== INFORMATION PROVIDED

(* That is, [E[g (y_2 a j) | x, y_1] = \int[T a x] g]. *)
Lemma integral_sigma_rect_y2 a j E : <<s rect_system >> E ->
  \int[P]_(w in E) (g (y2 a j w))%:E = \int[P]_(w in E) (kmean a (x w))%:E.
Proof.
have mgy : measurable_fun setT (fun w => g (y2 a j w)).
  exact: measurableT_comp mg (my _ _ _).
have mqx : measurable_fun setT (fun w => kmean a (x w)).
  exact: measurableT_comp (measurable_kmean a) mx.
have rectT : rect setT (fun _ _ => setT) = setT by apply/seteqP.
pose Q (E : set Omega_xy1) := measurable (E : set Omega) /\
  \int[P]_(w in E) (g (y2 a j w))%:E = \int[P]_(w in E) (kmean a (x w))%:E.
suff : forall E, <<s rect_system >> E -> Q E by move=> H /H [].
apply: (@dynkin_induction _ Omega_xy1 rect_system Q) => //.
- exact: rect_system_setI.
- by split => //; rewrite -rectT; exact: integral_rect_y2.
- move=> _ [B [Cs [mB mCs ->]]]; split; first exact: measurable_rect.
  exact: integral_rect_y2.
- move=> S _ [mS eqS]; split; first exact: measurableC.
  apply: eq_integral_setC => //.
  - by move=> w; exact: kmean_ge0.
  - apply: integral_unit_fin_num => // w.
    by rewrite kmean_ge0 kmean_le1.
  - by rewrite -rectT; exact: integral_rect_y2.
- move=> F _ tF QF; have mF n := (QF n).1; split.
    exact: bigcupT_measurable.
  rewrite !ge0_integral_bigcup//.
  + by apply: eq_eseriesr => n _; exact: (QF n).2.
  + exact/measurable_EFinP/measurable_funTS.
  + by move=> w _; rewrite lee_fin kmean_ge0.
  + exact/measurable_EFinP/measurable_funTS.
  + by move=> w _; rewrite lee_fin.
Qed.

Hypothesis M_gt0 : (0 < M)%N.

Definition emp_mean (ys : 'I_M -> X) : R := (M%:R^-1 * \sum_(j < M) g (ys j))%R.

Lemma emp_mean_ge0 ys : (0 <= emp_mean ys)%R.
Proof. by rewrite mulr_ge0 ?invr_ge0// sumr_ge0. Qed.

Lemma measurable_emp_mean d0 (T' : measurableType d0) (ys : 'I_M -> T' -> X) :
  (forall j, measurable_fun setT (ys j)) ->
  measurable_fun setT (fun w => emp_mean (fun j => ys j w)).
Proof.
move=> mys; apply: measurable_funM; first exact: measurable_cst.
by apply: measurable_sum => j; exact: measurableT_comp mg (mys j).
Qed.

Lemma integral_sigma_rect_emp_mean a E : <<s rect_system >> E ->
  \int[P]_(w in E) (emp_mean (fun j => y2 a j w))%:E =
  \int[P]_(w in E) (kmean a (x w))%:E.
Proof.
move=> sE; have mE := sigma_rect_measurable sE.
have integral_avg (f : 'I_M -> Omega -> R) : (forall j, measurable_fun setT (f j)) ->
    (forall j w, 0 <= f j w)%R ->
    \int[P]_(w in E) (M%:R^-1 * \sum_(j < M) f j w)%:E =
    M%:R^-1%:E * \sum_(j < M) \int[P]_(w in E) (f j w)%:E.
  move=> mf f_ge0; under eq_integral do rewrite EFinM.
  rewrite ge0_integralZl_EFin//; last 2 first.
  - by move=> w _; rewrite lee_fin sumr_ge0.
  - by apply/measurable_EFinP/measurable_funTS; exact: measurable_sum.
  under eq_integral do rewrite -sumEFin.
  rewrite ge0_integral_sum//.
  - by move=> j; exact/measurable_EFinP/measurable_funTS.
  - by move=> j w _; rewrite lee_fin.
transitivity (\int[P]_(w in E) (M%:R^-1 * \sum_(j < M) kmean a (x w))%:E).
  rewrite [RHS]integral_avg; last 2 first.
  - by move=> j; exact: measurableT_comp (measurable_kmean a) mx.
  - by move=> j w; exact: kmean_ge0.
  rewrite /emp_mean integral_avg; last 2 first.
  - by move=> j; exact: measurableT_comp mg (my _ _ _).
  - by move=> j w.
  by congr (_ * _); apply: eq_bigr => j _; exact: integral_sigma_rect_y2.
apply: eq_integral => w _; rewrite sumr_const card_ord.
by rewrite -[(kmean a (x w) *+ M)%R]mulr_natl mulrA mulVf ?mul1r// pnatr_eq0 -lt0n.
Qed.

====

» **WHAT THE TASK ASKS**
Please give back exactly the lines of this listing beginning at the line with "have rectT : rect" and ending with the line with "(forall j, measurable_fun setT (ys j)) ->", both included, and nothing else.

» **EXPECTED OUTPUT**
have rectT : rect setT (fun _ _ => setT) = setT by apply/seteqP.
pose Q (E : set Omega_xy1) := measurable (E : set Omega) /\
  \int[P]_(w in E) (g (y2 a j w))%:E = \int[P]_(w in E) (kmean a (x w))%:E.
suff : forall E, <<s rect_system >> E -> Q E by move=> H /H [].
apply: (@dynkin_induction _ Omega_xy1 rect_system Q) => //.
- exact: rect_system_setI.
- by split => //; rewrite -rectT; exact: integral_rect_y2.
- move=> _ [B [Cs [mB mCs ->]]]; split; first exact: measurable_rect.
  exact: integral_rect_y2.
- move=> S _ [mS eqS]; split; first exact: measurableC.
  apply: eq_integral_setC => //.
  - by move=> w; exact: kmean_ge0.
  - apply: integral_unit_fin_num => // w.
    by rewrite kmean_ge0 kmean_le1.
  - by rewrite -rectT; exact: integral_rect_y2.
- move=> F _ tF QF; have mF n := (QF n).1; split.
    exact: bigcupT_measurable.
  rewrite !ge0_integral_bigcup//.
  + by apply: eq_eseriesr => n _; exact: (QF n).2.
  + exact/measurable_EFinP/measurable_funTS.
  + by move=> w _; rewrite lee_fin kmean_ge0.
  + exact/measurable_EFinP/measurable_funTS.
  + by move=> w _; rewrite lee_fin.
Qed.

Hypothesis M_gt0 : (0 < M)%N.

Definition emp_mean (ys : 'I_M -> X) : R := (M%:R^-1 * \sum_(j < M) g (ys j))%R.

Lemma emp_mean_ge0 ys : (0 <= emp_mean ys)%R.
Proof. by rewrite mulr_ge0 ?invr_ge0// sumr_ge0. Qed.

Lemma measurable_emp_mean d0 (T' : measurableType d0) (ys : 'I_M -> T' -> X) :
  (forall j, measurable_fun setT (ys j)) ->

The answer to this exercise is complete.